Entonces va de nuevo... Una potencia qe se alimente con 311V... no con +-311... =)

jeje

mano.

EDITO: Y bueno... si son 5700W qe se le va a hacer    jajaja... De ultima tendremos el circuito de una potencia para grandes recitales... gigantes


----------



## tecnicdeso (Jun 6, 2007)

Siempre es aconsejado utilizar potencias inferiores para obtener grandes potencias. Una sonorización con una fuente de 6kw corre el riesgo de averiarse y dejar el evento sin sonido. Un apilado de potencias jamás tendrá ese riesgo.

Los componentes electrónicos para fabricar esta etapa de potencia a ese voltaje serían muy caros, demasiado. Además del riesgo de electrificar toda la instalación.

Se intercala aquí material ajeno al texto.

(* The algebraic heart of the theorem, for a vertex z1 whose partners z2, z3
   have sum s and product p given by Vieta.  S23 and P23 are A2 + A3 and
   A2 A3 (A_i = (z_j - z_k)^2 focal_factor e z_i) expanded in s, p, z1.
   After substituting s and p the claimed expression, times Q^3 D^6, is an
   explicit multiple of e^2 Q - 4 k; the quotient is recorded below. *)
Lemma invariant_certificate (z1 s p k e : C) :
  let D := 1 - k * z1 ^ 2 in
  let Q := (3 - k) * (1 + k) in
  D <> 0 -> Q <> 0 ->
  s * D = (k ^ 2 - 1) * z1 -> p * D = z1 ^ 2 - k -> e ^ 2 * Q = 4 * k ->
  let A1 := (s ^ 2 - 4 * p) * focal_factor e z1 in
  let S23 :=
    (- 2*p*e + 2*p^2*e + 2*s*p + s^2*e - 8*z1*p - 2*z1*s*e - 2*z1*s*p*e + 2*z1^2*e -
    2*z1^2*p*e + 2*z1^2*s + z1^2*s^2*e) in
  let P23 :=
    (p^2*e^2 + 4*p^3 - 2*p^3*e^2 + p^4*e^2 + 2*s*p^2*e + 2*s*p^3*e + s^2*p^2*e^2 -
    2*z1*s*p*e^2 - 8*z1*s*p^2 + 4*z1*s*p^2*e^2 - 2*z1*s*p^3*e^2 - 4*z1*s^2*p*e -
    4*z1*s^2*p^2*e - 2*z1*s^3*p*e^2 + 2*z1^2*p*e^2 + 8*z1^2*p^2 - 4*z1^2*p^2*e^2 +
    2*z1^2*p^3*e^2 + 4*z1^2*s*p*e + 4*z1^2*s*p^2*e + z1^2*s^2*e^2 + 4*z1^2*s^2*p +
    z1^2*s^2*p^2*e^2 + 2*z1^2*s^3*e + 2*z1^2*s^3*p*e + z1^2*s^4*e^2 - 2*z1^3*s*e^2 -
    8*z1^3*s*p + 4*z1^3*s*p*e^2 - 2*z1^3*s*p^2*e^2 - 4*z1^3*s^2*e - 4*z1^3*s^2*p*e -
    2*z1^3*s^3*e^2 + z1^4*e^2 + 4*z1^4*p - 2*z1^4*p*e^2 + z1^4*p^2*e^2 + 2*z1^4*s*e +
    2*z1^4*s*p*e + z1^4*s^2*e^2) in
  let h := k * e ^ 2 + 2 - e ^ 2 in
  let T := 2 * h * (1 + e ^ 2) - h ^ 2 - 4 * e ^ 2 in
  2 * e ^ 2 * (S23 - A1) * (A1 ^ 2 - S23 ^ 2 + 4 * P23) - T * A1 * P23 = 0.
Proof.
intros D Q HD HQ Hs Hp He A1 S23 P23 h T.
assert (Es : s = (k ^ 2 - 1) * z1 / D) by (rewrite <- Hs; field; exact HD).
assert (Ep : p = (z1 ^ 2 - k) / D) by (rewrite <- Hp; field; exact HD).
apply (Cmult_reg (Q ^ 3 * D ^ 6)); [apply Cmult_neq0; apply Cpow_neq0; assumption|].
transitivity ((e ^ 2 * Q - 4 * k) * 2 *
   (- 324*k^3*e^3 + 54*k^3*e^5 - 324*k^4*e^3 + 108*k^4*e^5 + 540*k^5*e^3 - 36*k^5*e^5 +
    444*k^6*e^3 - 164*k^6*e^5 - 300*k^7*e^3 - 24*k^7*e^5 - 108*k^8*e^3 + 68*k^8*e^5 +
    84*k^9*e^3 + 4*k^9*e^5 - 12*k^10*e^3 - 12*k^10*e^5 + 2*k^11*e^5 + 216*z1*k^4*e^2 +
    324*z1*k^4*e^4 + 216*z1*k^5*e^2 + 216*z1*k^5*e^4 - 360*z1*k^6*e^2 - 648*z1*k^6*e^4 -
    296*z1*k^7*e^2 - 264*z1*k^7*e^4 + 200*z1*k^8*e^2 + 448*z1*k^8*e^4 + 72*z1*k^9*e^2 +
    8*z1*k^9*e^4 - 56*z1*k^10*e^2 - 120*z1*k^10*e^4 + 8*z1*k^11*e^2 + 40*z1*k^11*e^4 -
    4*z1*k^12*e^4 + 2187*z1^2*k^2*e^3 - (729/2)*z1^2*k^2*e^5 + 2187*z1^2*k^3*e^3 -
    729*z1^2*k^3*e^5 - 3159*z1^2*k^4*e^3 + 162*z1^2*k^4*e^5 - 2835*z1^2*k^5*e^3 +
    999*z1^2*k^5*e^5 + 810*z1^2*k^6*e^3 + (675/2)*z1^2*k^6*e^5 + 522*z1^2*k^7*e^3 -
    222*z1^2*k^7*e^5 + 462*z1^2*k^8*e^3 - 164*z1^2*k^8*e^5 + 54*z1^2*k^9*e^3 -
    86*z1^2*k^9*e^5 - 309*z1^2*k^10*e^3 + (85/2)*z1^2*k^10*e^5 + 75*z1^2*k^11*e^3 +
    39*z1^2*k^11*e^5 + 9*z1^2*k^12*e^3 - 14*z1^2*k^12*e^5 - 3*z1^2*k^13*e^3 - z1^2*k^13*e^5
    + (1/2)*z1^2*k^14*e^5 - 1674*z1^3*k^3*e^2 - 2511*z1^3*k^3*e^4 - 1674*z1^3*k^4*e^2 -
    1674*z1^3*k^4*e^4 + 2682*z1^3*k^5*e^2 + 4860*z1^3*k^5*e^4 + 2186*z1^3*k^6*e^2 +
    1938*z1^3*k^6*e^4 - 1316*z1^3*k^7*e^2 - 3067*z1^3*k^7*e^4 - 356*z1^3*k^8*e^2 +
    124*z1^3*k^8*e^4 + 244*z1^3*k^9*e^2 + 544*z1^3*k^9*e^4 - 172*z1^3*k^10*e^2 -
    380*z1^3*k^10*e^4 + 78*z1^3*k^11*e^2 + 203*z1^3*k^11*e^4 + 14*z1^3*k^12*e^2 -
    18*z1^3*k^12*e^4 - 14*z1^3*k^13*e^2 - 28*z1^3*k^13*e^4 + 2*z1^3*k^14*e^2 +
    10*z1^3*k^14*e^4 - z1^3*k^15*e^4 - 4374*z1^4*k*e^3 + 729*z1^4*k*e^5 - 4374*z1^4*k^2*e^3
    + 1458*z1^4*k^2*e^5 + 1458*z1^4*k^3*e^3 + 486*z1^4*k^3*e^5 + 2997*z1^4*k^4*e^3 -
    (1485/2)*z1^4*k^4*e^5 + 9639*z1^4*k^5*e^3 - 2106*z1^4*k^5*e^5 + 2781*z1^4*k^6*e^3 -
    2070*z1^4*k^6*e^5 - 10203*z1^4*k^7*e^3 + 1237*z1^4*k^7*e^5 - 846*z1^4*k^8*e^3 +
    (3683/2)*z1^4*k^8*e^5 + 3648*z1^4*k^9*e^3 - 467*z1^4*k^9*e^5 - 588*z1^4*k^10*e^3 -
    510*z1^4*k^10*e^5 - 132*z1^4*k^11*e^3 + 120*z1^4*k^11*e^5 + 9*z1^4*k^12*e^3 +
    (41/2)*z1^4*k^12*e^5 - 33*z1^4*k^13*e^3 + 4*z1^4*k^13*e^5 + 21*z1^4*k^14*e^3 +
    2*z1^4*k^14*e^5 - 3*z1^4*k^15*e^3 - 3*z1^4*k^15*e^5 + (1/2)*z1^4*k^16*e^5 +
    4374*z1^5*k^2*e^2 + 6561*z1^5*k^2*e^4 + 4374*z1^5*k^3*e^2 + 4374*z1^5*k^3*e^4 -
    4752*z1^5*k^4*e^2 - 9315*z1^5*k^4*e^4 - 3456*z1^5*k^5*e^2 - 2808*z1^5*k^5*e^4 -
    1098*z1^5*k^6*e^2 + 81*z1^5*k^6*e^4 - 2938*z1^5*k^7*e^2 - 3858*z1^5*k^7*e^4 +
    2800*z1^5*k^8*e^2 + 5669*z1^5*k^8*e^4 + 2320*z1^5*k^9*e^2 + 2080*z1^5*k^9*e^4 -
    1598*z1^5*k^10*e^2 - 3557*z1^5*k^10*e^4 - 286*z1^5*k^11*e^2 + 370*z1^5*k^11*e^4 +
    288*z1^5*k^12*e^2 + 575*z1^5*k^12*e^4 - 16*z1^5*k^13*e^2 - 168*z1^5*k^13*e^4 -
    14*z1^5*k^14*e^2 - 13*z1^5*k^14*e^4 + 2*z1^5*k^15*e^2 + 10*z1^5*k^15*e^4 - z1^5*k^16*e^4
    + 2187*z1^6*e^3 - (729/2)*z1^6*e^5 + 2187*z1^6*k*e^3 - 729*z1^6*k*e^5 +
    12393*z1^6*k^2*e^3 - 2430*z1^6*k^2*e^5 + 3969*z1^6*k^3*e^3 - 2727*z1^6*k^3*e^5 -
    32400*z1^6*k^4*e^3 + (9477/2)*z1^6*k^4*e^5 - 5886*z1^6*k^5*e^3 + 6381*z1^6*k^5*e^5 +
    21666*z1^6*k^6*e^3 - 2630*z1^6*k^6*e^5 - 3294*z1^6*k^7*e^3 - 3062*z1^6*k^7*e^5 -
    195*z1^6*k^8*e^3 + (1163/2)*z1^6*k^8*e^5 + 2415*z1^6*k^9*e^3 - 370*z1^6*k^9*e^5 -
    4779*z1^6*k^10*e^3 + 394*z1^6*k^10*e^5 + 1053*z1^6*k^11*e^3 + 621*z1^6*k^11*e^5 +
    1182*z1^6*k^12*e^3 - (745/2)*z1^6*k^12*e^5 - 492*z1^6*k^13*e^3 - 115*z1^6*k^13*e^5 -
    48*z1^6*k^14*e^3 + 90*z1^6*k^14*e^5 + 48*z1^6*k^15*e^3 - 6*z1^6*k^16*e^3 -
    7*z1^6*k^16*e^5 + z1^6*k^17*e^5 - 4374*z1^7*k*e^2 - 6561*z1^7*k*e^4 - 4374*z1^7*k^2*e^2
    - 4374*z1^7*k^2*e^4 - 2916*z1^7*k^3*e^2 - 2187*z1^7*k^3*e^4 - 4212*z1^7*k^4*e^2 -
    4860*z1^7*k^4*e^4 + 15336*z1^7*k^5*e^2 + 25110*z1^7*k^5*e^4 + 14904*z1^7*k^6*e^2 +
    14688*z1^7*k^6*e^4 - 12114*z1^7*k^7*e^2 - 25623*z1^7*k^7*e^4 - 6658*z1^7*k^8*e^2 -
    3930*z1^7*k^8*e^4 + 4522*z1^7*k^9*e^2 + 10112*z1^7*k^9*e^4 + 138*z1^7*k^10*e^2 -
    2054*z1^7*k^10*e^4 - 376*z1^7*k^11*e^2 - 633*z1^7*k^11*e^4 + 216*z1^7*k^12*e^2 +
    512*z1^7*k^12*e^4 - 92*z1^7*k^13*e^2 - 246*z1^7*k^13*e^4 - 12*z1^7*k^14*e^2 +
    28*z1^7*k^14*e^4 + 14*z1^7*k^15*e^2 + 27*z1^7*k^15*e^4 - 2*z1^7*k^16*e^2 -
    10*z1^7*k^16*e^4 + z1^7*k^17*e^4 - 8748*z1^8*k*e^3 + 1458*z1^8*k*e^5 + 4374*z1^8*k^2*e^3
    + 729*z1^8*k^2*e^5 + 7290*z1^8*k^3*e^3 - 1944*z1^8*k^3*e^5 - 20250*z1^8*k^4*e^3 +
    2160*z1^8*k^4*e^5 + 25110*z1^8*k^5*e^3 - 810*z1^8*k^5*e^5 + 21519*z1^8*k^6*e^3 -
    (15543/2)*z1^8*k^6*e^5 - 44625*z1^8*k^7*e^3 + 3851*z1^8*k^7*e^5 - 387*z1^8*k^8*e^3 +
    7502*z1^8*k^8*e^5 + 26265*z1^8*k^9*e^3 - 4313*z1^8*k^9*e^5 - 7692*z1^8*k^10*e^3 -
    (6191/2)*z1^8*k^10*e^5 - 5736*z1^8*k^11*e^3 + 2238*z1^8*k^11*e^5 + 2808*z1^8*k^12*e^3 +
    488*z1^8*k^12*e^5 + 432*z1^8*k^13*e^3 - 540*z1^8*k^13*e^5 - 393*z1^8*k^14*e^3 -
    (13/2)*z1^8*k^14*e^5 + 15*z1^8*k^15*e^3 + 63*z1^8*k^15*e^5 + 21*z1^8*k^16*e^3 -
    6*z1^8*k^16*e^5 - 3*z1^8*k^17*e^3 - 3*z1^8*k^17*e^5 + (1/2)*z1^8*k^18*e^5 +
    1458*z1^9*e^2 + 2187*z1^9*e^4 + 1458*z1^9*k*e^2 + 1458*z1^9*k*e^4 + 9720*z1^9*k^2*e^2 +
    13851*z1^9*k^2*e^4 + 10152*z1^9*k^3*e^2 + 10368*z1^9*k^3*e^4 - 14580*z1^9*k^4*e^2 -
    26946*z1^9*k^4*e^4 - 11844*z1^9*k^5*e^2 - 10476*z1^9*k^5*e^4 + 216*z1^9*k^6*e^2 +
    6246*z1^9*k^6*e^4 - 5272*z1^9*k^7*e^2 - 8016*z1^9*k^7*e^4 + 7312*z1^9*k^8*e^2 +
    13604*z1^9*k^8*e^4 + 7328*z1^9*k^9*e^2 + 7336*z1^9*k^9*e^4 - 5544*z1^9*k^10*e^2 -
    11980*z1^9*k^10*e^4 - 2008*z1^9*k^11*e^2 - 240*z1^9*k^11*e^4 + 1636*z1^9*k^12*e^2 +
    3458*z1^9*k^12*e^4 + 180*z1^9*k^13*e^2 - 548*z1^9*k^13*e^4 - 232*z1^9*k^14*e^2 -
    438*z1^9*k^14*e^4 + 8*z1^9*k^15*e^2 + 128*z1^9*k^15*e^4 + 14*z1^9*k^16*e^2 +
    17*z1^9*k^16*e^4 - 2*z1^9*k^17*e^2 - 10*z1^9*k^17*e^4 + z1^9*k^18*e^4 - 8748*z1^10*k*e^3
    + 1458*z1^10*k*e^5 + 4374*z1^10*k^2*e^3 + 729*z1^10*k^2*e^5 + 7290*z1^10*k^3*e^3 -
    1944*z1^10*k^3*e^5 - 20250*z1^10*k^4*e^3 + 2160*z1^10*k^4*e^5 + 25110*z1^10*k^5*e^3 -
    810*z1^10*k^5*e^5 + 21519*z1^10*k^6*e^3 - (15543/2)*z1^10*k^6*e^5 - 44625*z1^10*k^7*e^3
    + 3851*z1^10*k^7*e^5 - 387*z1^10*k^8*e^3 + 7502*z1^10*k^8*e^5 + 26265*z1^10*k^9*e^3 -
    4313*z1^10*k^9*e^5 - 7692*z1^10*k^10*e^3 - (6191/2)*z1^10*k^10*e^5 - 5736*z1^10*k^11*e^3
    + 2238*z1^10*k^11*e^5 + 2808*z1^10*k^12*e^3 + 488*z1^10*k^12*e^5 + 432*z1^10*k^13*e^3 -
    540*z1^10*k^13*e^5 - 393*z1^10*k^14*e^3 - (13/2)*z1^10*k^14*e^5 + 15*z1^10*k^15*e^3 +
    63*z1^10*k^15*e^5 + 21*z1^10*k^16*e^3 - 6*z1^10*k^16*e^5 - 3*z1^10*k^17*e^3 -
    3*z1^10*k^17*e^5 + (1/2)*z1^10*k^18*e^5 - 4374*z1^11*k*e^2 - 6561*z1^11*k*e^4 -
    4374*z1^11*k^2*e^2 - 4374*z1^11*k^2*e^4 - 2916*z1^11*k^3*e^2 - 2187*z1^11*k^3*e^4 -
    4212*z1^11*k^4*e^2 - 4860*z1^11*k^4*e^4 + 15336*z1^11*k^5*e^2 + 25110*z1^11*k^5*e^4 +
    14904*z1^11*k^6*e^2 + 14688*z1^11*k^6*e^4 - 12114*z1^11*k^7*e^2 - 25623*z1^11*k^7*e^4 -
    6658*z1^11*k^8*e^2 - 3930*z1^11*k^8*e^4 + 4522*z1^11*k^9*e^2 + 10112*z1^11*k^9*e^4 +
    138*z1^11*k^10*e^2 - 2054*z1^11*k^10*e^4 - 376*z1^11*k^11*e^2 - 633*z1^11*k^11*e^4 +
    216*z1^11*k^12*e^2 + 512*z1^11*k^12*e^4 - 92*z1^11*k^13*e^2 - 246*z1^11*k^13*e^4 -
    12*z1^11*k^14*e^2 + 28*z1^11*k^14*e^4 + 14*z1^11*k^15*e^2 + 27*z1^11*k^15*e^4 -
    2*z1^11*k^16*e^2 - 10*z1^11*k^16*e^4 + z1^11*k^17*e^4 + 2187*z1^12*e^3 -
    (729/2)*z1^12*e^5 + 2187*z1^12*k*e^3 - 729*z1^12*k*e^5 + 12393*z1^12*k^2*e^3 -
    2430*z1^12*k^2*e^5 + 3969*z1^12*k^3*e^3 - 2727*z1^12*k^3*e^5 - 32400*z1^12*k^4*e^3 +
    (9477/2)*z1^12*k^4*e^5 - 5886*z1^12*k^5*e^3 + 6381*z1^12*k^5*e^5 + 21666*z1^12*k^6*e^3 -
    2630*z1^12*k^6*e^5 - 3294*z1^12*k^7*e^3 - 3062*z1^12*k^7*e^5 - 195*z1^12*k^8*e^3 +
    (1163/2)*z1^12*k^8*e^5 + 2415*z1^12*k^9*e^3 - 370*z1^12*k^9*e^5 - 4779*z1^12*k^10*e^3 +
    394*z1^12*k^10*e^5 + 1053*z1^12*k^11*e^3 + 621*z1^12*k^11*e^5 + 1182*z1^12*k^12*e^3 -
    (745/2)*z1^12*k^12*e^5 - 492*z1^12*k^13*e^3 - 115*z1^12*k^13*e^5 - 48*z1^12*k^14*e^3 +
    90*z1^12*k^14*e^5 + 48*z1^12*k^15*e^3 - 6*z1^12*k^16*e^3 - 7*z1^12*k^16*e^5 +
    z1^12*k^17*e^5 + 4374*z1^13*k^2*e^2 + 6561*z1^13*k^2*e^4 + 4374*z1^13*k^3*e^2 +
    4374*z1^13*k^3*e^4 - 4752*z1^13*k^4*e^2 - 9315*z1^13*k^4*e^4 - 3456*z1^13*k^5*e^2 -
    2808*z1^13*k^5*e^4 - 1098*z1^13*k^6*e^2 + 81*z1^13*k^6*e^4 - 2938*z1^13*k^7*e^2 -
    3858*z1^13*k^7*e^4 + 2800*z1^13*k^8*e^2 + 5669*z1^13*k^8*e^4 + 2320*z1^13*k^9*e^2 +
    2080*z1^13*k^9*e^4 - 1598*z1^13*k^10*e^2 - 3557*z1^13*k^10*e^4 - 286*z1^13*k^11*e^2 +
    370*z1^13*k^11*e^4 + 288*z1^13*k^12*e^2 + 575*z1^13*k^12*e^4 - 16*z1^13*k^13*e^2 -
    168*z1^13*k^13*e^4 - 14*z1^13*k^14*e^2 - 13*z1^13*k^14*e^4 + 2*z1^13*k^15*e^2 +
    10*z1^13*k^15*e^4 - z1^13*k^16*e^4 - 4374*z1^14*k*e^3 + 729*z1^14*k*e^5 -
    4374*z1^14*k^2*e^3 + 1458*z1^14*k^2*e^5 + 1458*z1^14*k^3*e^3 + 486*z1^14*k^3*e^5 +
    2997*z1^14*k^4*e^3 - (1485/2)*z1^14*k^4*e^5 + 9639*z1^14*k^5*e^3 - 2106*z1^14*k^5*e^5 +
    2781*z1^14*k^6*e^3 - 2070*z1^14*k^6*e^5 - 10203*z1^14*k^7*e^3 + 1237*z1^14*k^7*e^5 -
    846*z1^14*k^8*e^3 + (3683/2)*z1^14*k^8*e^5 + 3648*z1^14*k^9*e^3 - 467*z1^14*k^9*e^5 -
    588*z1^14*k^10*e^3 - 510*z1^14*k^10*e^5 - 132*z1^14*k^11*e^3 + 120*z1^14*k^11*e^5 +
    9*z1^14*k^12*e^3 + (41/2)*z1^14*k^12*e^5 - 33*z1^14*k^13*e^3 + 4*z1^14*k^13*e^5 +
    21*z1^14*k^14*e^3 + 2*z1^14*k^14*e^5 - 3*z1^14*k^15*e^3 - 3*z1^14*k^15*e^5 +
    (1/2)*z1^14*k^16*e^5 - 1674*z1^15*k^3*e^2 - 2511*z1^15*k^3*e^4 - 1674*z1^15*k^4*e^2 -
    1674*z1^15*k^4*e^4 + 2682*z1^15*k^5*e^2 + 4860*z1^15*k^5*e^4 + 2186*z1^15*k^6*e^2 +
    1938*z1^15*k^6*e^4 - 1316*z1^15*k^7*e^2 - 3067*z1^15*k^7*e^4 - 356*z1^15*k^8*e^2 +
    124*z1^15*k^8*e^4 + 244*z1^15*k^9*e^2 + 544*z1^15*k^9*e^4 - 172*z1^15*k^10*e^2 -
    380*z1^15*k^10*e^4 + 78*z1^15*k^11*e^2 + 203*z1^15*k^11*e^4 + 14*z1^15*k^12*e^2 -
    18*z1^15*k^12*e^4 - 14*z1^15*k^13*e^2 - 28*z1^15*k^13*e^4 + 2*z1^15*k^14*e^2 +
    10*z1^15*k^14*e^4 - z1^15*k^15*e^4 + 2187*z1^16*k^2*e^3 - (729/2)*z1^16*k^2*e^5 +
    2187*z1^16*k^3*e^3 - 729*z1^16*k^3*e^5 - 3159*z1^16*k^4*e^3 + 162*z1^16*k^4*e^5 -
    2835*z1^16*k^5*e^3 + 999*z1^16*k^5*e^5 + 810*z1^16*k^6*e^3 + (675/2)*z1^16*k^6*e^5 +
    522*z1^16*k^7*e^3 - 222*z1^16*k^7*e^5 + 462*z1^16*k^8*e^3 - 164*z1^16*k^8*e^5 +
    54*z1^16*k^9*e^3 - 86*z1^16*k^9*e^5 - 309*z1^16*k^10*e^3 + (85/2)*z1^16*k^10*e^5 +
    75*z1^16*k^11*e^3 + 39*z1^16*k^11*e^5 + 9*z1^16*k^12*e^3 - 14*z1^16*k^12*e^5 -
    3*z1^16*k^13*e^3 - z1^16*k^13*e^5 + (1/2)*z1^16*k^14*e^5 + 216*z1^17*k^4*e^2 +
    324*z1^17*k^4*e^4 + 216*z1^17*k^5*e^2 + 216*z1^17*k^5*e^4 - 360*z1^17*k^6*e^2 -
    648*z1^17*k^6*e^4 - 296*z1^17*k^7*e^2 - 264*z1^17*k^7*e^4 + 200*z1^17*k^8*e^2 +
    448*z1^17*k^8*e^4 + 72*z1^17*k^9*e^2 + 8*z1^17*k^9*e^4 - 56*z1^17*k^10*e^2 -
    120*z1^17*k^10*e^4 + 8*z1^17*k^11*e^2 + 40*z1^17*k^11*e^4 - 4*z1^17*k^12*e^4 -
    324*z1^18*k^3*e^3 + 54*z1^18*k^3*e^5 - 324*z1^18*k^4*e^3 + 108*z1^18*k^4*e^5 +
    540*z1^18*k^5*e^3 - 36*z1^18*k^5*e^5 + 444*z1^18*k^6*e^3 - 164*z1^18*k^6*e^5 -
    300*z1^18*k^7*e^3 - 24*z1^18*k^7*e^5 - 108*z1^18*k^8*e^3 + 68*z1^18*k^8*e^5 +
    84*z1^18*k^9*e^3 + 4*z1^18*k^9*e^5 - 12*z1^18*k^10*e^3 - 12*z1^18*k^10*e^5 +
    2*z1^18*k^11*e^5)).
- unfold A1, S23, P23, T, h, focal_factor. rewrite Es, Ep. unfold D, Q. field. exact HD.
- rewrite He. ring.
Qed.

Lo mejor es que piensen en amplificador de 700w  o en su defecto, si queremos mucha potencia, utilicemos transformadores de salida adaptados.

Fabricando un transformador con cuatro primarios y un secundario, podriamos sumar cuatro etapas de potencia y obtener una salida suma de ellas.


----------



## Luis Eduardo Sánchez (Jun 6, 2007)

Para sacar el voltaje de 0volts es simple se conectan dos capacitores en serie donde en la mitad se toma como referencia de 0 lo único que hay que calcular es el voltaje de rizo para calcular la corriente que va sumistar el sistema y así saber el tamaño de los capacitores(en microfaradios).

Saludos


----------



## broka (Jun 6, 2007)

bueno mira este esquema propuesto por la STK...si conectas 2 capacitores en serie. con 2 resistencias de 1k Ohms o de 500 ohms
mira te adjunto el esquema...
ahora lo que hay que buscar un amplioficador que trabaje con voltajes de +-155.5 volts para conectarlo directo a la red electrica...eso del a aislacion...
tienen que tomar las medidas precautorias para esto..y bueno para todos los amplificador en realidad!


----------



## david_rc_91 (Sep 9, 2009)

broka dijo:


> bueno mira este esquema propuesto por la STK...si conectas 2 capacitores en serie. con 2 resistencias de 1k Ohms o de 500 ohms
> mira te adjunto el esquema...
> ahora lo que hay que buscar un amplioficador que trabaje con voltajes de +-155.5 volts para conectarlo directo a la red electrica...eso del a aislacion...
> tienen que tomar las medidas precautorias para esto..y bueno para todos los amplificador en realidad!




holas! me interesa el tema, porque la verda que hoy en dia estan caros los transformador!!
respecto al circuito ese, de que potencia deberan ser las resistencias??


----------



## macua (Sep 15, 2009)

En el esquema de la fuente que sale en la hoja de datos del STK4048V los 0V se obtienen del punto medio del transformador, que esta conectado a masa.


----------